Antiche favole napoletane: Biancaneve e i dodici briganti

Antiche favole napoletane: Biancaneve e i dodici briganti

Biancaneve e i sette nani

Biancaneve e i sette nani.

Le fiabe sono un qualcosa di magico: non si sa chi le ha inventate, nessuno ricorda chi le raccontò per la prima volta, ma un po’ tutti le conoscono, quasi come se fossero delle amiche d’infanzia; un po’ come un fanciullino che rimane sempre nell’anima di chi ama sognare.

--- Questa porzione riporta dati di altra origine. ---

(* Let $(\varepsilon_n)_n$ be a sequence of positive real numbers and $(\mathcal X_n)_n$ a sequence of m2m spaces $\mathcal X_n=(X_n,r_n,\nu_n)$ with $d_{2GP}(\mathcal X_n,\mathcal X_{n+1})<\varepsilon_n$ for every $n\in\mathbb N$. Then there are a complete separable metric space $(Z,r_Z)$ and isometric embeddings $\iota_n:X_n\to Z$, $n\in\mathbb N$, such that $d_P^{\mathcal M_f(Z)}(\iota_{n**}\nu_n,\iota_{n+1**}\nu_{n+1})<\varepsilon_n$ for all $n\in\mathbb N$.
   Context: For a Polish space $X$, $\mathcal M_f(X)$ is the set of finite Borel measures; $M_\nu(A)=\int\mu(A)\,d\nu(\mu)$; for measurable $g$, $g_*\mu=\mu\circ g^{-1}$, $g_{**}\nu=\nu\circ(g_* )^{-1}$. An m2m space is $(X,r,\nu)$, $X\subset\mathbb R^{\mathbb N}$ non-empty, $(X,r)$ complete separable metric, $\nu\in\mathcal M_f(\mathcal M_f(X))$; equivalence via measurable maps isometric on $\operatorname{supp}M_\nu$ with $\lambda=f_{**}\nu$. Prokhorov distance for finite measures on a metric space $(S,\rho)$: $d_P^S(\mu,\eta)=\inf\{\varepsilon>0:\mu(A)\le\eta(A^\varepsilon)+\varepsilon,\eta(A)\le\mu(A^\varepsilon)+\varepsilon\ \forall A\text{ closed}\}$, $A^\varepsilon$ the open $\varepsilon$-neighbourhood; $d_P^{\mathcal M_f(Z)}$ is the Prokhorov metric on finite measures on $(\mathcal M_f(Z),d_P^Z)$. $d_{2GP}((X,r,\nu),(Y,d,\lambda))=\inf d_P^{\mathcal M_f(Z)}(\iota_{X**}\nu,\iota_{Y**}\lambda)$ over complete separable metric spaces $Z$ and isometric embeddings $\iota_X:X\to Z,\iota_Y:Y\to Z$. *)

From HB Require Import structures.
From mathcomp Require Import all_boot all_order all_algebra.
From mathcomp Require Import all_classical all_reals.
From mathcomp Require Import topology normedtype sequences measure.
Set Implicit Arguments. Unset Strict Implicit. Unset Printing Implicit Defensive.
Import Order.TTheory GRing.Theory Num.Theory.
Import numFieldNormedType.Exports.
Local Open Scope classical_set_scope.
Local Open Scope ring_scope.

Section MetricNotions.
Context {R : realType} {T : Type} (d : T -> T -> R).

Definition is_metric : Prop :=
  [/\ (forall x y, d x y = 0 <-> x = y),
      (forall x y, d x y = d y x) &
      (forall x y z, d x z <= d x y + d y z)].

Definition mball (x : T) (e : R) : set T := [set y | d x y < e].
Definition mopen (A : set T) : Prop :=
  forall x, A x -> exists e : R, 0 < e /\ mball x e `<=` A.
Definition mclosed (A : set T) : Prop := mopen (~` A).
Definition mnbhd (A : set T) (e : R) : set T :=
  [set y | exists2 x, A x & d x y < e].

Definition mborel (A : set T) : Prop := <<s mopen >> A.

Definition mcauchy (u : nat -> T) : Prop :=
  forall e : R, 0 < e -> exists N, forall m n, (N <= m)%N -> (N <= n)%N ->
    d (u m) (u n) < e.
Definition mconverges (u : nat -> T) (l : T) : Prop :=
  forall e : R, 0 < e -> exists N, forall n, (N <= n)%N -> d (u n) l < e.
Definition mcomplete : Prop :=
  forall u, mcauchy u -> exists l, mconverges u l.
Definition mseparable : Prop :=
  exists D : set T, countable D /\
    forall x (e : R), 0 < e -> exists2 y, D y & d x y < e.

(* finite Borel measure, represented as a real-valued set function which is
   a (countably additive, nonnegative) measure on Borel sets and 0 off them *)
Definition is_fmeasure (mu : set T -> R) : Prop :=
  [/\ (forall A, ~ mborel A -> mu A = 0),
      mu set0 = 0,
      (forall A, mborel A -> 0 <= mu A) &
      (forall F : nat -> set T, (forall n, mborel (F n)) -> trivIset setT F ->
         (fun n => \sum_(0 <= i < n) mu (F i)) @ \oo --> mu (\bigcup_n F n))].

Definition mf := {mu : set T -> R | is_fmeasure mu}.

Definition prokhorov_ok (mu eta : set T -> R) (e : R) : Prop :=
  forall A, mclosed A ->
    mu A <= eta (mnbhd A e) + e /\ eta A <= mu (mnbhd A e) + e.
Definition dP (mu eta : set T -> R) : R :=
  inf [set e : R | 0 < e /\ prokhorov_ok mu eta e].

End MetricNotions.

Definition dPm {R : realType} {T : Type} (d : T -> T -> R) : mf d -> mf d -> R :=
  fun m1 m2 => dP d (sval m1) (sval m2).
Arguments dPm {R T} d m1 m2.

Definition isometric {R : realType} {T U : Type} (dT : T -> T -> R)
  (dU : U -> U -> R) (f : T -> U) : Prop :=
  forall x y, dU (f x) (f y) = dT x y.

Definition push {R : realType} {T U : Type} (dU : U -> U -> R) (g : T -> U)
  (mu : set T -> R) : set U -> R :=
  fun A => if pselect (mborel dU A) then mu (g @^-1` A) else 0.

(* push2: g_{**} nu = nu o (g_{*})^-1 (on Borel sets of (M_f(U), d_P)) *)
Definition push2 {R : realType} {T U : Type} (dT : T -> T -> R)
  (dU : U -> U -> R) (g : T -> U) (nu : set (mf dT) -> R) : set (mf dU) -> R :=
  fun B => if pselect (mborel (dPm dU) B)
           then nu [set m : mf dT | exists2 m' : mf dU, B m' &
                                      sval m' = push dU g (sval m)]
           else 0.
(* Let $R>1$ and let $f$ be a circular tractrix with parameter $R$ and constants $c_1,c_2$ with $c_1^2+c_2^2=1$. Then $f'(t)=0$ if and only if $t=0$, and both arcs $f|_{[0,\infty)}$ and $f|_{(-\infty,0]}$ have infinite length.
   Context: Fix $R>1$, $\lambda=\frac{\sqrt{R^2-1}}{R}$, and real constants $c_1,c_2$ with $c_1^2+c_2^2=1$. The circular tractrix is $f(t)=\big(\xi_1\cos\tfrac tR+\xi_2\sin\tfrac tR,\ -\xi_2\cos\tfrac tR+\xi_1\sin\tfrac tR,\ \xi_3\big)$, $t\in\mathbb R$, with $\xi_1=\frac{(R-\frac1R)\cosh\lambda t}{\frac{c_1}{R}+\cosh\lambda t}$, $\xi_2=\frac{\lambda\sinh\lambda t}{\frac{c_1}{R}+\cosh\lambda t}$, $\xi_3=\frac{\lambda c_2}{\frac{c_1}{R}+\cosh\lambda t}$. *)

From Stdlib Require Import Reals.
From Coquelicot Require Import Coquelicot.
Open Scope R_scope.

Definition lam (Rr : R) : R := sqrt (Rr ^ 2 - 1) / Rr.

Definition den (Rr c1 t : R) : R := c1 / Rr + cosh (lam Rr * t).

Definition xi1 (Rr c1 t : R) : R := (Rr - 1 / Rr) * cosh (lam Rr * t) / den Rr c1 t.
Definition xi2 (Rr c1 t : R) : R := lam Rr * sinh (lam Rr * t) / den Rr c1 t.
Definition xi3 (Rr c1 c2 t : R) : R := lam Rr * c2 / den Rr c1 t.

Definition trx1 (Rr c1 t : R) : R :=
  xi1 Rr c1 t * cos (t / Rr) + xi2 Rr c1 t * sin (t / Rr).
Definition trx2 (Rr c1 t : R) : R :=
  - xi2 Rr c1 t * cos (t / Rr) + xi1 Rr c1 t * sin (t / Rr).
Definition trx3 (Rr c1 c2 t : R) : R := xi3 Rr c1 c2 t.

Definition speed (Rr c1 c2 t : R) : R :=
  sqrt (Derive (trx1 Rr c1) t ^ 2 + Derive (trx2 Rr c1) t ^ 2
        + Derive (trx3 Rr c1 c2) t ^ 2).

Definition arc_length (Rr c1 c2 a b : R) : R := RInt (speed Rr c1 c2) a b.

From Stdlib Require Import Reals Lra Psatz.
From Coquelicot Require Import Coquelicot.
Open Scope R_scope.

(* In the frame rotating with angular velocity 1/R the planar part of the tractrix is
   (xi1, -xi2), so its velocity has the norm of (xi1' + xi2/R, xi1/R - xi2').  Because
   (R - 1/R)/R = lambda^2, the second component simplifies to lambda^2 sinh^2(lambda t)/D^2
   with D = c1/R + cosh(lambda t) > 0.  It vanishes only at t = 0, where the whole velocity
   vanishes as every other component carries a factor sinh(lambda t); and it tends to
   lambda^2 as |t| grows, so the speed stays above lambda^2/2 far out and both arcs have
   infinite length. *)

Lemma cosh_sqr_sub_sinh_sqr x : cosh x ^ 2 - sinh x ^ 2 = 1.
Proof. unfold cosh, sinh. rewrite exp_Ropp. field. apply Rgt_not_eq, exp_pos. Qed.

Lemma cosh_ge_1 x : 1 <= cosh x.
Proof.
  pose proof (cosh_sqr_sub_sinh_sqr x).
  assert (0 < cosh x) by (unfold cosh; pose proof (exp_pos x); pose proof (exp_pos (- x)); lra).
  nra.
Qed.

Lemma cosh_ge_abs x : (1 + Rabs x) / 2 <= cosh x.
Proof.
  unfold cosh. pose proof (exp_pos x). pose proof (exp_pos (- x)).
  destruct (Rle_or_lt 0 x).
  - rewrite Rabs_right by lra. pose proof (exp_ineq1_le x). lra.
  - rewrite Rabs_left by lra. pose proof (exp_ineq1_le (- x)). lra.
Qed.

Lemma sinh_eq_0 x : sinh x = 0 -> x = 0.
Proof.
  intros H. pose proof (arcsinh_sinh 0) as E. rewrite sinh_0 in E.
  now rewrite <- (arcsinh_sinh x), H.
Qed.

Lemma is_derive_cosh_lin (l t : R) :
  is_derive (fun s => cosh (l * s)) t (l * sinh (l * t)).
Proof. unfold cosh, sinh. auto_derive; [easy | field]. Qed.

Lemma is_derive_sinh_lin (l t : R) :
  is_derive (fun s => sinh (l * s)) t (l * cosh (l * t)).
Proof. unfold cosh, sinh. auto_derive; [easy | field]. Qed.

Lemma rotation_norm2 a b th :
  (a * cos th - b * sin th) ^ 2 + (a * sin th + b * cos th) ^ 2 = a ^ 2 + b ^ 2.
Proof.
  pose proof (sin2_cos2 th) as E. unfold Rsqr in E.
  transitivity ((a ^ 2 + b ^ 2) * (sin th * sin th + cos th * cos th)); [ring | rewrite E; ring].
Qed.

Lemma is_derive_rotating_frame (w : R) (a b : R -> R) (t da db : R) :
  is_derive a t da -> is_derive b t db ->
  is_derive (fun s => a s * cos (s * w) - b s * sin (s * w)) t
    ((da - w * b t) * cos (t * w) - (db + w * a t) * sin (t * w)) /\
  is_derive (fun s => a s * sin (s * w) + b s * cos (s * w)) t
    ((da - w * b t) * sin (t * w) + (db + w * a t) * cos (t * w)).
Proof.
  intros Ha Hb.
  assert (Da : Derive (fun s => a s) t = da) by exact (is_derive_unique _ _ _ Ha).
  assert (Db : Derive (fun s => b s) t = db) by exact (is_derive_unique _ _ _ Hb).
  split; (auto_derive; [repeat split; eexists; eassumption | rewrite Da, Db; ring]).
Qed.

Lemma RInt_ge_const (f : R -> R) (a b c : R) :
  a <= b -> ex_RInt f a b -> (forall x, a < x < b -> c <= f x) ->
  (b - a) * c <= RInt f a b.
Proof.
  intros Hab Hf Hc.
  rewrite <- (RInt_const (V := R_CompleteNormedModule)).
  apply RInt_le; auto. apply ex_RInt_const.
Qed.

Lemma RInt_comp_opp (f : R -> R) (a b : R) :
  ex_RInt f (- b) (- a) -> RInt (fun y => f (- y)) a b = RInt f (- b) (- a).
Proof.
  intros Hf. apply is_RInt_unique.
  pose proof (RInt_correct _ _ _ (ex_RInt_swap _ _ _ Hf)) as H.
  apply is_RInt_opp, is_RInt_comp_opp in H.
  rewrite <- opp_RInt_swap by (apply ex_RInt_swap, Hf).
  eapply is_RInt_ext; [| exact H]. intros y _. apply opp_opp.
Qed.

Lemma RInt_unbounded_right (f : R -> R) (t0 c : R) :
  (forall a b, ex_RInt f a b) -> (forall x, 0 <= f x) -> 0 < c ->
  (forall x, t0 <= x -> c <= f x) ->
  forall M, exists T, 0 < T /\ M < RInt f 0 T.
Proof.
  intros Hf Hpos Hc Hfar M.
  set (t1 := Rmax 0 t0). set (T := t1 + Rabs M / c + 1).
  assert (Ht1 : 0 <= t1 /\ t0 <= t1) by (split; [apply Rmax_l | apply Rmax_r]).
  assert (HM : 0 <= Rabs M / c) by (apply Rdiv_le_0_compat; [apply Rabs_pos | exact Hc]).
  exists T. split; [unfold T; lra |].
  rewrite <- (RInt_Chasles f 0 t1 T) by apply Hf. change (plus ?x ?y) with (x + y).
  assert (Hnear : 0 <= RInt f 0 t1) by (apply RInt_ge_0; auto; lra).
  assert (Hfar' : (T - t1) * c <= RInt f t1 T)
    by (apply RInt_ge_const; auto; [unfold T; lra | intros; apply Hfar; lra]).
  replace ((T - t1) * c) with (Rabs M + c) in Hfar' by (unfold T; field; lra).
  pose proof (Rle_abs M). lra.
Qed.

Lemma RInt_unbounded_left (f : R -> R) (t0 c : R) :
  (forall a b, ex_RInt f a b) -> (forall x, 0 <= f x) -> 0 < c ->
  (forall x, x <= - t0 -> c <= f x) ->
  forall M, exists T, 0 < T /\ M < RInt f (- T) 0.
Proof.
  intros Hf Hpos Hc Hfar M.
  destruct (RInt_unbounded_right (fun y => f (- y)) t0 c) with (M := M) as [T [HT HM]]; auto.
  - intros a b. apply (ex_RInt_ext (fun y => opp (opp (f (- y))))); [intros; apply opp_opp |].
    exact (ex_RInt_comp_opp (fun x => opp (f x)) a b (ex_RInt_opp _ _ _ (Hf _ _))).
  - intros x Hx. apply Hfar. lra.
  - exists T. split; [exact HT |]. rewrite RInt_comp_opp, Ropp_0 in HM by apply Hf. exact HM.
Qed.

Lemma lam_pos (Rr : R) : 1 < Rr -> 0 < lam Rr.
Proof. intros hR. unfold lam. apply Rdiv_lt_0_compat; [apply sqrt_lt_R0; nra | lra]. Qed.

Lemma lam_sqr (Rr : R) : 1 <= Rr -> lam Rr ^ 2 = (Rr - 1 / Rr) / Rr.
Proof.
  intros hR. unfold lam. replace ((sqrt (Rr ^ 2 - 1) / Rr) ^ 2) with (sqrt (Rr ^ 2 - 1) ^ 2 / Rr ^ 2)
    by (field; lra).
  rewrite pow2_sqrt by nra. field. lra.
Qed.

(* Proves [is_derive f x d] from [H : is_derive f x d'], leaving [d' = d] stated over [R]
   (rather than over the carrier of [R_AbsRing]) so that [field] applies. *)
Ltac derive_from H :=
  refine (eq_ind _ (is_derive _ _) H _ _); match goal with |- ?a = ?b => change (@eq R a b) end.

Section Tractrix.

Variables Rr c1 c2 : R.
Hypothesis hR : 1 < Rr.
Hypothesis hc1 : -1 <= c1 <= 1.

Let C t := cosh (lam Rr * t).
Let S t := sinh (lam Rr * t).
Let D t := den Rr c1 t.

Lemma den_pos t : 0 < D t.
Proof.
  unfold D, den. pose proof (cosh_ge_1 (lam Rr * t)).
  assert (0 < (c1 + Rr) / Rr) by (apply Rdiv_lt_0_compat; lra).
  replace (c1 / Rr) with ((c1 + Rr) / Rr - 1) by (field; lra). lra.
Qed.

Lemma den_le t : D t <= 1 + C t.
Proof.
  unfold D, den, C. assert (0 <= (Rr - c1) / Rr) by (apply Rdiv_le_0_compat; lra).
  replace (c1 / Rr) with (1 - (Rr - c1) / Rr) by (field; lra). lra.
Qed.

Lemma is_derive_den (t : R) : is_derive (den Rr c1) t (lam Rr * S t).
Proof.
  derive_from (is_derive_plus _ _ t _ _ (is_derive_const (c1 / Rr) t) (is_derive_cosh_lin (lam Rr) t)).
  unfold S. cbn. ring.
Qed.

Definition dxi1 (t : R) := (Rr - 1 / Rr) * lam Rr * S t * (D t - C t) / D t ^ 2.
Definition dxi2 (t : R) := lam Rr ^ 2 * (C t * D t - S t ^ 2) / D t ^ 2.
Definition dxi3 (t : R) := - (lam Rr ^ 2 * c2 * S t) / D t ^ 2.

Lemma is_derive_xi1 (t : R) : is_derive (xi1 Rr c1) t (dxi1 t).
Proof.
  pose proof (den_pos t) as Hd.
  derive_from (is_derive_div _ _ t _ _ (is_derive_scal _ t (Rr - 1 / Rr) _ (is_derive_cosh_lin (lam Rr) t))
    (is_derive_den t) (Rgt_not_eq _ _ Hd)).
  unfold dxi1, D, C, S in *. field. lra.
Qed.

Lemma is_derive_xi2 (t : R) : is_derive (xi2 Rr c1) t (dxi2 t).
Proof.
  pose proof (den_pos t) as Hd.
  derive_from (is_derive_div _ _ t _ _ (is_derive_scal _ t (lam Rr) _ (is_derive_sinh_lin (lam Rr) t))
    (is_derive_den t) (Rgt_not_eq _ _ Hd)).
  unfold dxi2, D, C, S in *. field. lra.
Qed.

Lemma is_derive_xi3 (t : R) : is_derive (xi3 Rr c1 c2) t (dxi3 t).
Proof.
  pose proof (den_pos t) as Hd.
  derive_from (is_derive_div _ _ t _ _ (is_derive_const (lam Rr * c2) t)
    (is_derive_den t) (Rgt_not_eq _ _ Hd)).
  unfold dxi3, D, S in *. cbn. field. lra.
Qed.

Definition frame_vel1 (t : R) := dxi1 t + xi2 Rr c1 t / Rr.
Definition frame_vel2 (t : R) := xi1 Rr c1 t / Rr - dxi2 t.

Lemma is_derive_trx (t : R) :
  is_derive (trx1 Rr c1) t (frame_vel1 t * cos (t / Rr) - frame_vel2 t * sin (t / Rr)) /\
  is_derive (trx2 Rr c1) t (frame_vel1 t * sin (t / Rr) + frame_vel2 t * cos (t / Rr)).
Proof.
  destruct (is_derive_rotating_frame (/ Rr) (xi1 Rr c1) (fun s => - xi2 Rr c1 s) t _ _
    (is_derive_xi1 t) (is_derive_opp _ _ _ (is_derive_xi2 t))) as [H1 H2].
  unfold trx1, trx2, frame_vel1, frame_vel2, Rdiv.
  split; eapply is_derive_ext; [| derive_from H1 | | derive_from H2].
  all: try intros s; cbn; ring.
Qed.

Lemma speed_eq (t : R) :
  speed Rr c1 c2 t = sqrt (frame_vel1 t ^ 2 + frame_vel2 t ^ 2 + dxi3 t ^ 2).
Proof.
  destruct (is_derive_trx t) as [H1 H2].
  unfold speed.
  rewrite (is_derive_unique _ _ _ H1), (is_derive_unique _ _ _ H2),
    (is_derive_unique (trx3 Rr c1 c2) _ _ (is_derive_xi3 t)), rotation_norm2.
  reflexivity.
Qed.

Lemma frame_vel2_eq (t : R) : frame_vel2 t = lam Rr ^ 2 * S t ^ 2 / D t ^ 2.
Proof.
  pose proof (den_pos t) as Hd.
  unfold frame_vel2, dxi2, xi1. rewrite lam_sqr by lra. fold (D t) (C t).
  unfold C, S. field. lra.
Qed.

Lemma frame_vel_0 : frame_vel1 0 = 0 /\ frame_vel2 0 = 0 /\ dxi3 0 = 0.
Proof.
  assert (HS : S 0 = 0) by (unfold S; rewrite Rmult_0_r; apply sinh_0).
  rewrite frame_vel2_eq. unfold frame_vel1, dxi1, dxi3, xi2. fold (S 0). rewrite HS.
  repeat split; unfold Rdiv; ring.
Qed.

Lemma frame_vel2_eq_0 (t : R) : frame_vel2 t = 0 -> t = 0.
Proof.
  intros HB. rewrite frame_vel2_eq in HB.
  pose proof (den_pos t). pose proof (lam_pos Rr hR).
  assert (HS : S t ^ 2 = 0).
  { replace (S t ^ 2) with (lam Rr ^ 2 * S t ^ 2 / D t ^ 2 * (D t ^ 2 / lam Rr ^ 2))
      by (field; lra).
    rewrite HB. ring. }
  assert (Hl : lam Rr * t = 0) by (apply sinh_eq_0; fold (S t); nra).
  nra.
Qed.

Lemma Derive_trx_eq_0 (t : R) :
  (Derive (trx1 Rr c1) t = 0 /\ Derive (trx2 Rr c1) t = 0
   /\ Derive (trx3 Rr c1 c2) t = 0) <-> t = 0.
Proof.
  destruct (is_derive_trx t) as [H1 H2].
  rewrite (is_derive_unique _ _ _ H1), (is_derive_unique _ _ _ H2),
    (is_derive_unique (trx3 Rr c1 c2) _ _ (is_derive_xi3 t)).
  split.
  - intros [E1 [E2 _]]. apply frame_vel2_eq_0.
    pose proof (rotation_norm2 (frame_vel1 t) (frame_vel2 t) (t / Rr)) as N.
    rewrite E1, E2 in N. nra.
  - intros ->. destruct frame_vel_0 as [-> [-> ->]]. repeat split; ring.
Qed.

Lemma speed_ge_far (t : R) :
  5 / lam Rr <= Rabs t -> lam Rr ^ 2 / 2 <= speed Rr c1 c2 t.
Proof.
  intros Ht. pose proof (lam_pos Rr hR) as Hl.
  assert (Hlt : 5 <= Rabs (lam Rr * t)).
  { rewrite Rabs_mult, (Rabs_right (lam Rr)) by lra.
    replace 5 with (lam Rr * (5 / lam Rr)) by (field; lra). nra. }
  assert (HC : 3 <= C t) by (pose proof (cosh_ge_abs (lam Rr * t)); unfold C; lra).
  pose proof (cosh_sqr_sub_sinh_sqr (lam Rr * t)) as HCS. fold (C t) (S t) in HCS.
  pose proof (den_pos t). pose proof (den_le t).
  assert (HB : lam Rr ^ 2 / 2 <= frame_vel2 t).
  { assert (HD : D t ^ 2 <= 2 * S t ^ 2) by nra.
    rewrite frame_vel2_eq. apply (Rmult_le_reg_r (D t ^ 2)); [nra |].
    replace (lam Rr ^ 2 * S t ^ 2 / D t ^ 2 * D t ^ 2) with (lam Rr ^ 2 * S t ^ 2) by (field; lra).
    pose proof (pow_lt _ 2 Hl). nra. }
  rewrite speed_eq.
  rewrite <- (sqrt_pow2 (frame_vel2 t)) in HB by (pose proof (pow2_ge_0 (lam Rr)); lra).
  eapply Rle_trans; [exact HB |]. apply sqrt_le_1_alt.
  pose proof (pow2_ge_0 (frame_vel1 t)). pose proof (pow2_ge_0 (dxi3 t)). lra.
Qed.

Lemma ex_RInt_speed (a b : R) : ex_RInt (speed Rr c1 c2) a b.
Proof.
  apply (ex_RInt_continuous (V := R_CompleteNormedModule)). intros t _.
  apply (continuous_ext (fun s => sqrt (frame_vel1 s ^ 2 + frame_vel2 s ^ 2 + dxi3 s ^ 2)));
    [intros; symmetry; apply speed_eq |].
  apply continuous_sqrt_comp, (ex_derive_continuous (V := R_NormedModule)).
  pose proof (den_pos t) as Hd.
  unfold frame_vel1, frame_vel2, dxi1, dxi2, dxi3, xi1, xi2, D, C, S, den in *.
  unfold cosh, sinh in *.
  auto_derive. change (c1 / Rr + (exp (lam Rr * t) + exp (- (lam Rr * t))) * / 2 > 0) in Hd.
  repeat split; nra.
Qed.

End Tractrix.

Theorem mainTheorem2 (Rr c1 c2 : R) (hR : 1 < Rr) (hc : c1 ^ 2 + c2 ^ 2 = 1) :
  (forall t : R,
     (Derive (trx1 Rr c1) t = 0 /\ Derive (trx2 Rr c1) t = 0
      /\ Derive (trx3 Rr c1 c2) t = 0) <-> t = 0)
  /\ (forall M : R, exists T : R, 0 < T /\ M < arc_length Rr c1 c2 0 T)
  /\ (forall M : R, exists T : R, 0 < T /\ M < arc_length Rr c1 c2 (- T) 0).
Proof.
  assert (hc1 : -1 <= c1 <= 1) by nra.
  assert (Hc : 0 < lam Rr ^ 2 / 2) by (pose proof (pow_lt _ 2 (lam_pos Rr hR)); lra).
  split; [| split].
  - exact (Derive_trx_eq_0 Rr c1 c2 hR hc1).
  - apply (RInt_unbounded_right _ (5 / lam Rr) (lam Rr ^ 2 / 2) (ex_RInt_speed Rr c1 c2 hR hc1));
      [intros; apply sqrt_pos | exact Hc |].
    intros t Ht. apply (speed_ge_far Rr c1 c2 hR hc1). pose proof (Rle_abs t). lra.
  - apply (RInt_unbounded_left _ (5 / lam Rr) (lam Rr ^ 2 / 2) (ex_RInt_speed Rr c1 c2 hR hc1));
      [intros; apply sqrt_pos | exact Hc |].
    intros t Ht. apply (speed_ge_far Rr c1 c2 hR hc1).
    pose proof (Rle_abs (- t)). rewrite Rabs_Ropp in *. lra.
Qed.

Proveremo allora a raccontarvi una favoletta antichissima della tradizione napoletana, che, nelle sue varie versioni, è diventata la Biancaneve che Walt Disney ha raccontato al mondo.

I dodici briganti

C’era una volta un uomo che ebbe una figlia e, dopo la morte della moglie, si sposò con una donna che odiava la ragazzina perché era più bella di lei.
Approfittando di un viaggio del padre, la megera decise di sbarazzarsi dell’odiata figliastra: la portò in un bosco e la abbandonò.
Dopo ore passate a cercare una uscita, la ragazzina, in lacrime, si addormentò in un cantuccio sperando di essere salvata l’indomani.
Nel sonno apparì San Giuseppe, che disse alla Biancaneve napoletana: “sta’ tranquilla: domani mattina troverai una casa abitata da dodici briganti. Loro escono a mezzogiorno e tornano la sera. Quando non sono in casa, tu entra e fai le faccende domestiche, mangia e scappa via“.
Il giorno dopo trovò la casa, entrò, la pulì e mangiò, ma decise imprudentemente di addormentarsi in un letto.

Mentre dormiva irruppe in casa il capo dei briganti che subito la catturò, mentre lei provava disperatamente a fuggire.
La nostra Biancaneve scoppiò in lacrime, pronta ormai alla morte.
Non ti voglio uccidere: se sei stata tu a pulire questa casa, per ringraziarti, ti ospiterò. In cambio, non dovrai mai uscire da qui senza il nostro permesso
Lei accettò e nei giorni seguenti fu trattata come una regina, con i briganti che le portavano ogni giorno in dono vestiti e gioielli.
La zia, nel frattempo, venne a sapere che la figlia era ancora viva presso la casa dei briganti e, furiosa, decise di ucciderla con una magia nera.
Si travestì da vecchietta ed andò a bussare alla casa della figlia.
Signorina, le volete queste mele?
No, grazie! Qui mangio sempre a sazietà!
Ma guardate che ve le regalo! Sono le mele migliori di Napoli!
La ragazza, ingolosita, provò una mela che la vecchietta aveva avvelenato e svenne.
Si fece notte ed i briganti, al ritorno, trovarono la ragazza senza vita.
Uno di loro notò che lei aveva in bocca un pezzo di mela: glielo tolse e riprese conoscenza.
Noi ti diamo da mangiare e tu, ingorda, accetti cose dagli sconosciuti?
Non lo farò mai più, lo giuro!
La vecchia urlò e bestemmiò furiosamente, quando seppe che il suo piano era stato sventato.
Tornò allora di nuovo sotto casa con altri travestimenti, provando ad ucciderla regalandole un anello ed un pettine avvelenato, ma i briganti salvarono sempre la ragazzina ingenua, che si trovava sempre ad un passo dalla morte.
La vecchia allora fece un ultimo tentativo: si intrufolò in casa e mise delle mutande avvelenate nella biancheria della nostra Biancaneve.
La ragazza, vedendo questo capo nuovo di biancheria, lo provò e fu colpita da una magia.
I briganti la trovarono di nuovo morta e, stavolta, non c’erano mele, diamanti, pettini o altri oggetti magici da rimuovere. Disperati, decisero di metterla in una bara di cristallo e lasciarla nel mare.


E qui, la magia della fiaba.


Il padre della ragazza, di ritorno dal suo viaggio, vide galleggiare il corpo della figlia nel golfo di Napoli e, sorpreso, lo fece portare a bordo per vestirla adeguatamente e darle una sepoltura dignitosa.
Appena iniziò a spogliarla, però, la figlia riprese conoscenza e raccontò al padre tutto ciò che le era successo.
Il padre capì subito che l’assassina era quella strega di sua moglie e, tornato a Napoli, la uccise. Poi diede la figlia in moglie al capo dei briganti.